### Your instructions
Among the records that follow, set down only the lines from the one containing "Variables (ori : outcome" to the one containing "Lemma runs_bind X", both included, exactly.

### Available data
BEGIN

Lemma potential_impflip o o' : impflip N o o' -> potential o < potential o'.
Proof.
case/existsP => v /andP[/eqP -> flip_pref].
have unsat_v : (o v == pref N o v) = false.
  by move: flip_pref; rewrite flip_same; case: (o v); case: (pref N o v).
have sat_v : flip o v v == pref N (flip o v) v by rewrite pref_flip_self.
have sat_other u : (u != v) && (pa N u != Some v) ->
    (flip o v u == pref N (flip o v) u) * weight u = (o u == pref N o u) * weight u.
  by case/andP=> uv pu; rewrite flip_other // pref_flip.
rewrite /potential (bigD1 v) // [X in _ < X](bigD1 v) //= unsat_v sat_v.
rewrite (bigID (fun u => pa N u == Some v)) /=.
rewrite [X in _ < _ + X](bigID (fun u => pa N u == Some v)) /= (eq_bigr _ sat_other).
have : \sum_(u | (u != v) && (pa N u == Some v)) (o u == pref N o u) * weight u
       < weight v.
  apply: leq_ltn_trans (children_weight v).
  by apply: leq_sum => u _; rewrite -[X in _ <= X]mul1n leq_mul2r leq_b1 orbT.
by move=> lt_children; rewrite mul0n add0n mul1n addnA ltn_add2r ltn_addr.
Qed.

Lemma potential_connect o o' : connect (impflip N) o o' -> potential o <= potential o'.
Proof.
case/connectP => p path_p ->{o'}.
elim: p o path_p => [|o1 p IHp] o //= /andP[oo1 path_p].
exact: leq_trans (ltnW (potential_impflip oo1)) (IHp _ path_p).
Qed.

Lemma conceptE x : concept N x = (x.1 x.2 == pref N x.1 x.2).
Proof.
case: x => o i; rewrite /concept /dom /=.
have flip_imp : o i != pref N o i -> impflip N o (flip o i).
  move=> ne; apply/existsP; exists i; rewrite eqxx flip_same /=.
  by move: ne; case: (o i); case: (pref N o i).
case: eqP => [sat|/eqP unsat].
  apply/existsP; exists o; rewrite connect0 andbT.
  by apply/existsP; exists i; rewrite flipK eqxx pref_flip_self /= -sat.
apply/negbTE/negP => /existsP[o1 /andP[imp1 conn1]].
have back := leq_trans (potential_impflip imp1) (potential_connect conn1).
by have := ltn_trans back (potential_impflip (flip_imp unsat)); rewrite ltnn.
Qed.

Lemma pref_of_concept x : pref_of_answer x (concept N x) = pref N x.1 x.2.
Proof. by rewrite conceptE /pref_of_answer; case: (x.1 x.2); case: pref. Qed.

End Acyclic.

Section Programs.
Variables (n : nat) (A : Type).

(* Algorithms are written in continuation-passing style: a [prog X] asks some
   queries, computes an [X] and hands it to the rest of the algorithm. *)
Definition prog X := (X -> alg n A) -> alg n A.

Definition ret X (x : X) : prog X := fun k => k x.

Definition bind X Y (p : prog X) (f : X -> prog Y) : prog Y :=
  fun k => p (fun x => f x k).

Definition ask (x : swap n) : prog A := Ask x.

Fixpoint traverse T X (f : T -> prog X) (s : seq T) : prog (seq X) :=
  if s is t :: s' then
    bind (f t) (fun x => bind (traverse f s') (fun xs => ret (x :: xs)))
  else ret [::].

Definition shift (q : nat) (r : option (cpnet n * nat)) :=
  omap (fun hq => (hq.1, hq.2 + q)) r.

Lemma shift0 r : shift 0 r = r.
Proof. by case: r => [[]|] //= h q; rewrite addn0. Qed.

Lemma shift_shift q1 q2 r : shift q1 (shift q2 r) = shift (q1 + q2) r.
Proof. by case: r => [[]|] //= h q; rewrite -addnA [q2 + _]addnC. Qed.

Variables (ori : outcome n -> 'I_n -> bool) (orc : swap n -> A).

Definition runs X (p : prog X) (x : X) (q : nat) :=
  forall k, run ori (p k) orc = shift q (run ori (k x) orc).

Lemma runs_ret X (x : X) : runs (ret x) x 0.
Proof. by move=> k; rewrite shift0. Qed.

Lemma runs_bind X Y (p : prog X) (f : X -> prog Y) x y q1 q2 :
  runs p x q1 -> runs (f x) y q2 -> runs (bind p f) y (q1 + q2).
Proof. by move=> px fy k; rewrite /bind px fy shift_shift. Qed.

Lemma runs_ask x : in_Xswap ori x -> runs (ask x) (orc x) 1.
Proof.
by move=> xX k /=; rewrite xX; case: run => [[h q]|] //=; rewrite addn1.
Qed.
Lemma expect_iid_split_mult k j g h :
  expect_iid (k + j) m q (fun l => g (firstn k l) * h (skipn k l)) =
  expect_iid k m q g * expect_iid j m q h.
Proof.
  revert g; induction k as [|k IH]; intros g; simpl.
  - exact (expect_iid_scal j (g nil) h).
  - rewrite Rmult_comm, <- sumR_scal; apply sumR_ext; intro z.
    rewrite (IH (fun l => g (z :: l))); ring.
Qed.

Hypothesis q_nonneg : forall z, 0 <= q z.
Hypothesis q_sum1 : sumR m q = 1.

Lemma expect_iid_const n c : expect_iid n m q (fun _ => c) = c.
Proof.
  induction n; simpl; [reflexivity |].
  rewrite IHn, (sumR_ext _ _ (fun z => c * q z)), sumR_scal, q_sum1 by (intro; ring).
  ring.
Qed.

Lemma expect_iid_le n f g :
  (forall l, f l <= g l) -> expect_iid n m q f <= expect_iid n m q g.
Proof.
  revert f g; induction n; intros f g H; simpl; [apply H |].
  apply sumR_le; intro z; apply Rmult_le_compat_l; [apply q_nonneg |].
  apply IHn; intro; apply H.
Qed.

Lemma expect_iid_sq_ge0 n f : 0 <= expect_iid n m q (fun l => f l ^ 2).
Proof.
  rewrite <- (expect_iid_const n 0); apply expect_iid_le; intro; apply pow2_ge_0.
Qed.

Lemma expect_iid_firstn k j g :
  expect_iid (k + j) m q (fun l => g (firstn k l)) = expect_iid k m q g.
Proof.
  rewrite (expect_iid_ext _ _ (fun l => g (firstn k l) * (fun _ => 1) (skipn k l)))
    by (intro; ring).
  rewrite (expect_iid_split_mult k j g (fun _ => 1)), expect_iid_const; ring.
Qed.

END

### Result
Variables (ori : outcome n -> 'I_n -> bool) (orc : swap n -> A).

Definition runs X (p : prog X) (x : X) (q : nat) :=
  forall k, run ori (p k) orc = shift q (run ori (k x) orc).

Lemma runs_ret X (x : X) : runs (ret x) x 0.
Proof. by move=> k; rewrite shift0. Qed.

Lemma runs_bind X Y (p : prog X) (f : X -> prog Y) x y q1 q2 :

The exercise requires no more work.